Zum Grundgesetz bekennen

Dies sah Schröder, die anders als die Opposition statt von einer Extremismus- von einer Demokratieklausel spricht, anders: Es sei nicht zu viel verlangt, wenn Initiativen, die Staatsgelder beantragten, sich zum Grundgesetz bekennen sollen, argumentierte sie. Man wolle nicht "Extremismus mit Extremisten bekämpfen". Es mache sie sehr nachdenklich, mit welchen Methoden nun einige versuchten, "parteipolitischen Gewinn" aus der Mordserie von Neonazis zu ziehen.
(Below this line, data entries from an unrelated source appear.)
Theorem lemma2p5 (R : realType) (n d k : nat) (vs : seq 'rV[R]_n.+1)
  (x : 'rV[R]_n.+1) (v : 'I_n.+1 -> 'rV[R]_n.+1)
  (w : seq 'rV[R]_n.+1) (y : 'rV[R]_n.+1) :
  lattice_polytope_hyp vs ->
  has_degree vs d ->
  is_lattice x ->
  in_relint (dilate (n - d + 1) vs) x ->
  lattice_simplex_in vs v ->
  in_cone [seq v i | i <- enum 'I_n.+1] x ->
  size w = k -> uniq w -> (forall u, u \in w -> is_vertex vs u) ->
  in_cone w y ->
  (#|Vplus v x y| <= #|Zminus v x y| + k)%N.
Proof.
move=> [vs_lat _] [_ [no_relint _]] x_lat x_relint [v_lat [v_conv v_unit]] x_cone
  size_w _ w_vert y_cone.
set A := Zminus v x y; set B := Vplus v x y.
rewrite leqNgt; apply/negP => B_big.
have vs_ht p : p \in vs -> ht p = 1 by case/vs_lat.
have v_ht i : ht (v i) = 1 := ht_conv vs_ht (v_conv i).
have w_vs u : u \in w -> u \in vs by move/w_vert/vertex_mem.
have bx_ge0 i := cone_bary_ge0 v_unit i x_cone.
have c_gt0 : (0 < n - d + 1)%N by rewrite addn1.
have [_ ht_x] := (conv_dilateP vs_ht x c_gt0).1 x_relint.1.
have B_le : (#|B| <= n - d + 1)%N by rewrite -(ler_nat R) -ht_x card_Vplus_le.
have k_gt0 : (0 < k)%N.
  rewrite lt0n -size_w size_eq0; apply: contraTN B_big => /eqP w0.
  by move: y_cone; rewrite w0 /B => /cone_nil ->; rewrite Vplus0 cards0.
have w_cone u : u \in w -> in_cone vs u by case/w_vert => /conv_cone.
have [lam lam_gt0 [q q_cone z_def]] := Zminus_Vplus_shift_cone v_unit
  (fun i => conv_cone (v_conv i)) w_cone bx_ge0 y_cone.
set h := (n - d + 1 + #|A| + k - #|B|)%N.
have h_gt0 : (0 < h)%N by rewrite /h; lia.
have ht_z : ht (lam *: x + q) = h%:R.
  rewrite -z_def ht_shift_point // => [|u /w_vs/vs_ht //].
  by rewrite ht_x size_w /h natrB ?natrD; [ring | lia].
apply: (no_relint h); first by rewrite h_gt0 /h; lia.
exists (lam *: x + q); split.
  by rewrite -z_def; apply: lattice_shift_point => // u /w_vs/vs_lat[].
exact (relint_shift vs_ht c_gt0 h_gt0 lam_gt0 x_relint q_cone ht_z).
Qed.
Für Streit sorgte in der Debatte einmal mehr auch eine Leistung, die im Etat 2012 noch gar nicht enthalten ist: das von der Koalition geplante Betreuungsgeld, das Eltern ab 2013 erhalten sollen, wenn sie ihre unter dreijährigen Kinder nicht in in einer Kita betreuen lassen. Für die SPD-Fraktion sagte Caren Marks, die Ministerin könne die Probleme wie mangelnde Vereinbarkeit von Familie und Beruf, zu wenig Betreuungsplätze und mangelnde Gleichstellungspolitik nicht lösen. Familien bräuchten ein verlässliches und den Bedarf deckendes Betreuungsangebot; das Betreuungsgeld sei hingegen eine "gesellschaftspolitische Katastrophe". Die Grünen-Abgeordnete Katja Dörner kritisierte, die Leistung, die jährlich mit bis zu zwei Milliarden Euro zu Buche schlagen werde, strafe alle Beteuerungen zur Haushaltsdisziplin Lügen und solle nur vom Versagen beim Kita-Ausbau ablenken.

Dass bei diesem Thema weiterer Streit auch in der Koalition zu erwarten ist, deutete für die FDP-Fraktion Miriam Gruß an: Sie verfolge "mit Interesse" die Debatte innerhalb der Union um das Betreuungsgeld - und sei offen gegenüber allen Optionen zu dessen konkreter Ausgestaltung.